Литмир - Электронная Библиотека

– Кто здесь главный, вы или я? – весело, иронично, смеясь одними глазами, спрашивала она упиравшегося напротив нее больного, готового разреветься от несправедливости жизни и личной несправедливости ее, Екатерины Александровны, к нему. – Я, – с нескрываемым удовольствием отвечала она. – Так что идите обедайте, в шестнадцать у вас групповая психотерапия, а завтра еще раз обсудим вашу ситуацию самым подробным образом, но немножко с другой точки зрения.

Эта клиника была для нее больше чем домом.

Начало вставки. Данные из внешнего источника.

(* Let $f:[0,1]\to\mathbb{R}$ with $f(0),f(1)\in\mathbb{Z}$, and let $n\in\mathbb{N}_+$. Set, for $x\in[0,1]$, \[ \varphi_n(x):=(n+1)\int_0^1 t(1-t)^{n(1-x)}\frac{(1-t)^{nx-1}-t^{nx-1}}{1-2t}\,dt. \] (a) If $f(x)-\varphi_n(x)$ is monotone increasing on $[0,1]$, then $\widetilde{B}_n(f)$ and $\widehat{B}_n(f)$ are monotone increasing on $[0,1]$. (b) If $f(x)+\varphi_n(x)$ is monotone decreasing on $[0,1]$, then $\widetilde{B}_n(f)$ and $\widehat{B}_n(f)$ are monotone decreasing on $[0,1]$.
   Context: For $n\in\mathbb{N}_+$ and $f:[0,1]\to\mathbb{R}$, define $\widetilde{B}_n(f)(x):=\sum_{k=0}^n \left[f\left(\frac{k}{n}\right)\binom{n}{k}\right]x^k(1-x)^{n-k}$, where $[\alpha]$ is the largest integer $\le\alpha$, and $\widehat{B}_n(f)(x):=\sum_{k=0}^n \left\langle f\left(\frac{k}{n}\right)\binom{n}{k}\right\rangle x^k(1-x)^{n-k}$, where $\langle\alpha\rangle$ is the integer nearest to $\alpha$ (when $\alpha$ is a half-integer, $\langle\alpha\rangle$ may be either neighbouring integer, chosen arbitrarily; the result holds for any such choice). Monotone increasing/decreasing are meant in the non-strict sense. *)

From HB Require Import structures.
From mathcomp Require Import all_boot all_order all_algebra.
From mathcomp Require Import all_classical all_reals all_analysis.
Set Implicit Arguments. Unset Strict Implicit. Unset Printing Implicit Defensive.
Import Order.TTheory GRing.Theory Num.Theory.
Local Open Scope ring_scope.

Definition intBern (R : realType) (n : nat) (c : nat -> int) (x : R) : R :=
  \sum_(k < n.+1) (c k)%:~R * x ^+ k * (1 - x) ^+ (n - k).

Definition bcoef (R : realType) (f : R -> R) (n k : nat) : R :=
  f (k%:R / n%:R) * ('C(n, k))%:R.

Definition Btilde (R : realType) (f : R -> R) (n : nat) (x : R) : R :=
  intBern n (fun k => Num.floor (bcoef f n k)) x.

(* c is an admissible nearest-integer rounding of the coefficients of
   \widehat{B}_n(f) (ties resolved arbitrarily, possibly depending on k). *)
Definition nearest_round (R : realType) (f : R -> R) (n : nat) (c : nat -> int) :=
  forall k, (k <= n)%N -> `| (c k)%:~R - bcoef f n k | <= 1 / 2 :> R.

Definition Bhat (R : realType) (n : nat) (c : nat -> int) (x : R) : R :=
  intBern n c x.

(* phi_n(x) = (n+1) \int_0^1 t (1-t)^{n(1-x)} ((1-t)^{nx-1} - t^{nx-1})/(1-2t) dt
   (Lebesgue integral over [0,1]; the integrand is bounded, the point t = 1/2
   is a removable singularity of measure zero). *)
Definition phi (R : realType) (n : nat) (x : R) : R :=
  (n.+1)%:R * Rintegral (@lebesgue_measure R) `[0%R, 1%R]%classic
    (fun t : R => t * (1 - t) `^ (n%:R * (1 - x))
       * (((1 - t) `^ (n%:R * x - 1) - t `^ (n%:R * x - 1)) / (1 - 2 * t))).

Definition incr_on01 (R : realType) (g : R -> R) :=
  forall x y : R, 0 <= x -> x <= y -> y <= 1 -> g x <= g y.

Definition decr_on01 (R : realType) (g : R -> R) :=
  forall x y : R, 0 <= x -> x <= y -> y <= 1 -> g y <= g x.

From HB Require Import structures.
From mathcomp Require Import all_boot all_order all_algebra.
From mathcomp Require Import all_classical all_reals all_analysis.
From mathcomp Require Import measurable_realfun.
From mathcomp Require Import ring lra.
Import Order.TTheory GRing.Theory Num.Theory.
Import numFieldTopology.Exports numFieldNormedType.Exports.
Local Open Scope ring_scope.
Local Open Scope classical_set_scope.

(* Writing a_k := c_k / C(n, k), the polynomial \sum_k c_k x^k (1 - x)^(n - k) is
   the Bernstein polynomial \sum_k a_k C(n, k) x^k (1 - x)^(n - k), which is
   nondecreasing on [0, 1] as soon as the a_k are.  Both roundings satisfy
   |c_k - f(k/n) C(n, k)| <= 1, i.e. |a_k - f(k/n)| <= 1 / C(n, k).  At x = k/n
   the integrand of phi_n is a polynomial in t, and Beta integrals give
   phi_n((k+1)/n) - phi_n(k/n) = 1 / C(n, k) + 1 / C(n, k+1); so if f - phi_n is
   nondecreasing, then a_k <= a_(k+1).  The decreasing case is the increasing
   one applied to -f and -c. *)

Section Bernstein.
Variable R : comNzRingType.

Definition bernstein (n : nat) (a : nat -> R) (x : R) : R :=
  \sum_(k < n.+1) a k * 'C(n, k)%:R * x ^+ k * (1 - x) ^+ (n - k).

Lemma bernsteinS n a x : bernstein n.+1 a x =
  (1 - x) * bernstein n a x + x * bernstein n (fun k => a k.+1) x.
Proof.
rewrite /bernstein big_ord_recl /= subn0 bin0.
under eq_bigr => i _ do rewrite /bump /= add1n binS natrD subSS mulrDr !mulrDl.
rewrite big_split /= addrA; congr (_ + _).
  rewrite big_ord_recr /= (@bin_small n n.+1) // !(mulr0, mul0r) addr0.
  rewrite [in RHS]big_ord_recl /= subn0 bin0 mulrDr.
  congr (_ + _); first by rewrite exprS; ring.
  rewrite mulr_sumr; apply: eq_bigr => i _.
  rewrite /bump /= add1n -(subnSK (ltn_ord i)) [(1 - x) ^+ _.+1]exprS; ring.
by rewrite mulr_sumr; apply: eq_bigr => i _; rewrite [x ^+ _.+1]exprS; ring.
Qed.

End Bernstein.
Arguments bernstein {R}.

Section BernsteinMonotone.
Variable R : realFieldType.

Lemma ler_bernstein n (a b : nat -> R) x : 0 <= x <= 1 ->
  (forall k, (k <= n)%N -> a k <= b k) -> bernstein n a x <= bernstein n b x.
Proof.
move=> /andP[x0 x1] leab; apply: ler_sum => i _; rewrite -!mulrA ler_wpM2r //.
  by rewrite !mulr_ge0 ?exprn_ge0 ?subr_ge0.
by rewrite leab // -ltnS.
Qed.

Lemma bernstein_nondecr n (a : nat -> R) :
  (forall k, (k < n)%N -> a k <= a k.+1) ->
  forall x y, 0 <= x -> x <= y -> y <= 1 -> bernstein n a x <= bernstein n a y.
Proof.
elim: n a => [|n IH] a le_a x y x0 xy y1.
  by rewrite /bernstein !big_ord_recl !big_ord0.
rewrite !bernsteinS; set P := bernstein n a; set Q := bernstein n (fun k => a k.+1).
have lePxy : P x <= P y by apply: IH => // k lt_kn; apply: le_a; exact: ltnW.
have leQxy : Q x <= Q y by apply: IH => // k lt_kn; exact: le_a.
have lePQx : P x <= Q x.
  by apply: ler_bernstein => [|k]; [rewrite x0 (le_trans xy y1) | apply: le_a].
have -> : (1 - y) * P y + y * Q y = (1 - x) * P x + x * Q x
    + ((1 - y) * (P y - P x) + y * (Q y - Q x) + (y - x) * (Q x - P x)) by ring.
by rewrite lerDl; apply: addr_ge0; first apply: addr_ge0; apply: mulr_ge0; lra.
Qed.

End BernsteinMonotone.

Lemma natr_inv_binom (R : numFieldType) n k : (k <= n)%N ->
  'C(n, k)%:R^-1 = (k`! * (n - k)`!)%:R / n`!%:R :> R.
Proof.
by move=> le_kn; rewrite -(bin_fact le_kn) (natrM _ 'C(n, k)) invfM mulrCA divff ?mulr1.
Qed.

Lemma sum_inv_binom (R : numFieldType) k p :
  (k + p).+2%:R * (k`! * p`!)%:R / (k + p).+1`!%:R =
  'C((k + p).+1, k)%:R^-1 + 'C((k + p).+1, k.+1)%:R^-1 :> R.
Proof.
rewrite !natr_inv_binom ?ltnS ?leqW ?leq_addr // subSn ?leq_addr // subSS addKn.
have -> : (k + p).+2 = (k.+1 + p.+1)%N by rewrite addSn addnS.
by rewrite !factS !natrM natrD; ring.
Qed.

Section PhiIncrement.
Variable R : realType.
Notation mu := (@lebesgue_measure R).

Definition phi_integrand (n : nat) (x t : R) : R :=
  t * (1 - t) `^ (n%:R * (1 - x))
    * (((1 - t) `^ (n%:R * x - 1) - t `^ (n%:R * x - 1)) / (1 - 2 * t)).

Lemma phiE n x : phi n x = n.+1%:R * \int[mu]_(t in `[0, 1]) phi_integrand n x t.
Proof. by []. Qed.

Definition phi_poly (m k : nat) (t : R) : R :=
  \sum_(i < k) XMonemX i (m - i) t - XMonemX 0 m t.

Lemma phi_polyS m k t : phi_poly m k.+1 t = phi_poly m k t + XMonemX k (m - k) t.
Proof. by rewrite /phi_poly big_ord_recr /=; ring. Qed.

Lemma phi_poly_geometric j p t : (1 - 2 * t) * phi_poly (j + p) j.+1 t =
  t * (1 - t) ^+ p * ((1 - t) ^+ j - t ^+ j).
Proof.
elim: j p => [|j IH] p.
  by rewrite /phi_poly big_ord_recr big_ord0 /= /XMonemX /unstable.onem !subn0 add0n; ring.
rewrite phi_polyS mulrDr addSnnS IH -addSnnS addKn /XMonemX /unstable.onem !exprS; ring.
Qed.

Lemma phi_integrand_poly m k t : (k <= m.+1)%N -> 0 < t < 1 -> t != 2^-1 ->
  phi_integrand m.+1 (k%:R / m.+1%:R) t = phi_poly m k t.
Proof.
move=> le_km /andP[t_gt0 t_lt1] t_neq_half.
have m1_neq0 : m.+1%:R != 0 :> R by rewrite pnatr_eq0.
have onem2t_neq0 : 1 - 2 * t != 0.
  by apply: contra t_neq_half; rewrite subr_eq0 => /eqP e; apply/eqP; lra.
have t_neq0 : t != 0 by rewrite gt_eqF.
have onemt_neq0 : 1 - t != 0 by rewrite subr_eq0 gt_eqF.
have mkE : m.+1%:R * (k%:R / m.+1%:R) = k%:R :> R by rewrite mulrCA divff ?mulr1.
rewrite /phi_integrand mulrBr mulr1 mkE -natrB //.
case: k {mkE} le_km => [|j] le_jm.
  rewrite sub0r subn0 !powR_inv1 ?subr_ge0 ?ltW // powR_mulrn ?subr_ge0 ?ltW //.
  rewrite /phi_poly big_ord0 /XMonemX /unstable.onem expr0 mul1r sub0r exprS.
  by field; rewrite t_neq0 onemt_neq0 onem2t_neq0.
rewrite -natr1 addrK subSS !powR_mulrn ?subr_ge0 ?ltW //.
rewrite -[phi_poly _ _ _](mulKf onem2t_neq0) -(subnKC (le_jm : (j <= m)%N)).
by rewrite phi_poly_geometric addKn; field.
Qed.

Lemma measurable_invr : measurable_fun [set: R] (@GRing.inv R).
Proof.
have -> : @GRing.inv R = fun x => if x == 0 then 0 else x^-1.
  by apply/funext => x; case: eqP => // ->; rewrite invr0.
apply: measurable_fun_if => //; first exact: measurable_fun_eqr.
apply: (@measurable_funS _ _ _ _ [set x : R | x != 0]).
- by apply: open_measurable; exact: open_neq.
- by move=> x [_ /= ->].
- apply: open_continuous_measurable_fun; first exact: open_neq.
  by move=> x; rewrite inE => x_neq0; exact: inv_continuous.
Qed.

Lemma measurable_phi_integrand n x : measurable_fun [set: R] (phi_integrand n x).
Proof.
have measurable_onem : measurable_fun [set: R] (fun t => 1 - t) by exact: measurable_funB.
apply: measurable_funM; first apply: measurable_funM => //.
- exact: measurableT_comp (measurable_powR _) measurable_onem.
apply: measurable_funM; first apply: measurable_funB.
- exact: measurableT_comp (measurable_powR _) measurable_onem.
- exact: measurable_powR.
- by apply: measurableT_comp measurable_invr _; exact: measurable_funB.
Qed.

Lemma continuous_phi_poly m k : continuous (phi_poly m k).
Proof.
elim: k => [|k IH] t.
  rewrite (_ : phi_poly m 0 = cst 0 \- XMonemX 0 m); last first.
    by apply/funext => s; rewrite /phi_poly big_ord0.
  by apply: continuousB; [exact: cst_continuous | exact: continuous_XMonemX].
rewrite (_ : phi_poly m k.+1 = phi_poly m k \+ XMonemX k (m - k)); last first.
  by apply/funext => s; rewrite phi_polyS.
by apply: continuousD; [exact: IH | exact: continuous_XMonemX].
Qed.

Lemma Rintegral_phi_integrand m k : (k <= m.+1)%N ->
  \int[mu]_(t in `[0, 1]) phi_integrand m.+1 (k%:R / m.+1%:R) t =
  \int[mu]_(t in `[0, 1]) phi_poly m k t.
Proof.
move=> le_km; congr fine; apply: ae_eq_integral => //.
- by apply/measurable_EFinP; apply: measurable_funS (measurable_phi_integrand _ _).
- apply/measurable_EFinP; apply: measurable_funS (continuous_measurable_fun _) => //.
  exact: continuous_phi_poly.
(* The two functions may differ only at t = 0, 1/2, 1 (where x / 0 = 0). *)
have negligible1 (r : R) : mu.-negligible [set r].
  by apply/negligibleP => //; exact: lebesgue_measure_set1.
apply: negligibleS (negligibleU (negligibleU (negligible1 0) (negligible1 2^-1)) (negligible1 1)).
move=> t /=; apply: contra_notP => not_special; rewrite in_itv /= => /andP[].
rewrite le_eqVlt => /orP[/eqP t0|t_gt0]; first by case: not_special; left; left.
rewrite le_eqVlt => /orP[/eqP t1|t_lt1]; first by case: not_special; right.
have [t_half|t_neq_half] := eqVneq t 2^-1; first by case: not_special; left; right.
by rewrite phi_integrand_poly // t_gt0 t_lt1.
Qed.

Lemma Rintegral_phi_polyS k p :
  \int[mu]_(t in `[0, 1]) phi_poly (k + p) k.+1 t
    - \int[mu]_(t in `[0, 1]) phi_poly (k + p) k t
  = (k`! * p`!)%:R / (k + p).+1`!%:R.
Proof.
have integrable_phi_poly m j : mu.-integrable `[0, 1] (EFin \o phi_poly m j).
  apply: continuous_compact_integrable; first exact: segment_compact.
  by apply: continuous_in_subspaceT => t _; exact: continuous_phi_poly.
under eq_Rintegral do rewrite phi_polyS.
rewrite RintegralD //; last exact: integrable_XMonemX.
rewrite addrAC subrr add0r addKn -(beta_fun_fact (R := R)) /beta_fun.
by rewrite -Rintegral_mkcond.
Qed.

Lemma phi_increment n k : (k < n)%N ->
  phi n (k.+1%:R / n%:R) - phi n (k%:R / n%:R) =
  'C(n, k)%:R^-1 + 'C(n, k.+1)%:R^-1 :> R.
Proof.
move=> lt_kn; rewrite -(subnKC lt_kn) addSn; set p := (n - k.+1)%N.
rewrite !phiE !Rintegral_phi_integrand ?ltnS ?leq_addr ?leqW ?leq_addr //.
by rewrite -mulrBr Rintegral_phi_polyS mulrA sum_inv_binom.
Qed.

End PhiIncrement.

Lemma ler_dist_divr (R : realFieldType) (a y C : R) : 0 < C ->
  `|a - y * C| <= 1 -> `|a / C - y| <= C^-1.
Proof.
move=> C_gt0 near_a; rewrite -[y](mulfK (lt0r_neq0 C_gt0)) -mulrBl normrM.
by rewrite normfV (gtr0_norm C_gt0) -[leRHS]mul1r ler_wpM2r // invr_ge0 ltW.
Qed.

Section IntBernstein.
Variables (R : realType) (f : R -> R) (n : nat) (c : nat -> int).
Hypothesis c_near : forall k, (k <= n)%N -> `|(c k)%:~R - bcoef f n k| <= 1 :> R.

Let a k : R := (c k)%:~R / 'C(n, k)%:R.

Lemma intBern_bernstein x : intBern n c x = bernstein n a x.
Proof.
rewrite /intBern /bernstein; apply: eq_bigr => k _.
by rewrite /a divfK // pnatr_eq0 -lt0n bin_gt0 -ltnS.
Qed.

Lemma intBern_nondecr : incr_on01 (fun x => f x - phi n x) -> incr_on01 (@intBern R n c).
Proof.
move=> incr_f x y x0 xy y1; rewrite !intBern_bernstein.
apply: bernstein_nondecr => // k lt_kn.
have n_gt0 : 0 < n%:R :> R by rewrite ltr0n (leq_ltn_trans _ lt_kn).
have a_near j : (j <= n)%N -> `|a j - f (j%:R / n%:R)| <= 'C(n, j)%:R^-1.
  by move=> le_jn; apply: ler_dist_divr; [rewrite ltr0n bin_gt0 | exact: c_near].
have f_step : f (k%:R / n%:R) - phi n (k%:R / n%:R)
    <= f (k.+1%:R / n%:R) - phi n (k.+1%:R / n%:R).
  by apply: incr_f; rewrite ?divr_ge0 ?ler_pM2r ?invr_gt0 ?ler_pdivrMr ?mul1r ?ler_nat.
have := @phi_increment R n k lt_kn.
have := a_near k (ltnW lt_kn); have := a_near k.+1 lt_kn; rewrite !ler_norml.
lra.
Qed.

End IntBernstein.

Lemma intBernN (R : realType) n (c : nat -> int) (x : R) :
  intBern n (fun k => - c k) x = - intBern n c x.
Proof. by rewrite /intBern -sumrN; apply: eq_bigr => k _; rewrite mulrNz !mulNr. Qed.

Lemma intBern_nonincr (R : realType) (f : R -> R) n (c : nat -> int) :
  (forall k, (k <= n)%N -> `|(c k)%:~R - bcoef f n k| <= 1 :> R) ->
  decr_on01 (fun x => f x + phi n x) -> decr_on01 (@intBern R n c).
Proof.
move=> c_near decr_f x y x0 xy y1; rewrite -lerN2 -!intBernN.
apply: (@intBern_nondecr R (fun x => - f x)) => // [k le_kn|u v u0 uv v1].
  by rewrite /bcoef mulrNz mulNr -opprD normrN c_near.
by have := decr_f u v u0 uv v1; lra.
Qed.

Lemma floor_dist_le1 {R : realType} (y : R) : `|(Num.floor y)%:~R - y| <= 1.
Proof.
have := floor_le y; have := floorD1_gt y; rewrite rmorphD /= ler_norml; lra.
Qed.

Lemma nearest_round_dist_le1 (R : realType) (f : R -> R) n (c : nat -> int) :
  nearest_round f n c -> forall k, (k <= n)%N -> `|(c k)%:~R - bcoef f n k| <= 1 :> R.
Proof. by move=> c_round k /c_round /le_trans; apply; lra. Qed.

Theorem theorem1p8 (R : realType) (f : R -> R) (n : nat) :
  (0 < n)%N ->
  f 0 \is a Num.int -> f 1 \is a Num.int ->
  (incr_on01 (fun x => f x - phi n x) ->
     incr_on01 (Btilde f n) /\
     (forall c : nat -> int, nearest_round f n c -> incr_on01 (@Bhat R n c))) /\
  (decr_on01 (fun x => f x + phi n x) ->
     decr_on01 (Btilde f n) /\
     (forall c : nat -> int, nearest_round f n c -> decr_on01 (@Bhat R n c))).
Proof.
move=> _ _ _.
have floor_near k (_ : (k <= n)%N) := floor_dist_le1 (bcoef f n k).
split=> [incr_f | decr_f]; split.
- exact: intBern_nondecr floor_near incr_f.
- by move=> c /nearest_round_dist_le1 c_near; exact: intBern_nondecr c_near incr_f.
- exact: intBern_nonincr floor_near decr_f.
- by move=> c /nearest_round_dist_le1 c_near; exact: intBern_nonincr c_near decr_f.
Qed.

Она невесело хмыкнула, вспомнив Василина, который рассказывал всем, кто готов был его слушать, что она была «психиатром, что называется, от бога». Будучи уже совсем в тумане, на самой глубине интимных откровений с собутыльником, он сообщал, что именно из-за Катиного профессионализма земля еще носит ее, из-за него, этого чертова профессионализма, ей многое будет прощено там…

Недавно она приходила посмотреть на свою больницу. Тайком, не доходя двух домов, остановиться на противоположной стороне и посмотреть из-за угла подворотни на фасад старого здания, проходную, крыльцо, арку с перекрытием во втором этаже, вход во двор… Почти два года прошло, как она взяла отпускные, помахала своему отделению ручкой, пообещала подарок главному из Ирландии – какую-то бутылку виски, у нее даже было где-то записано – какую.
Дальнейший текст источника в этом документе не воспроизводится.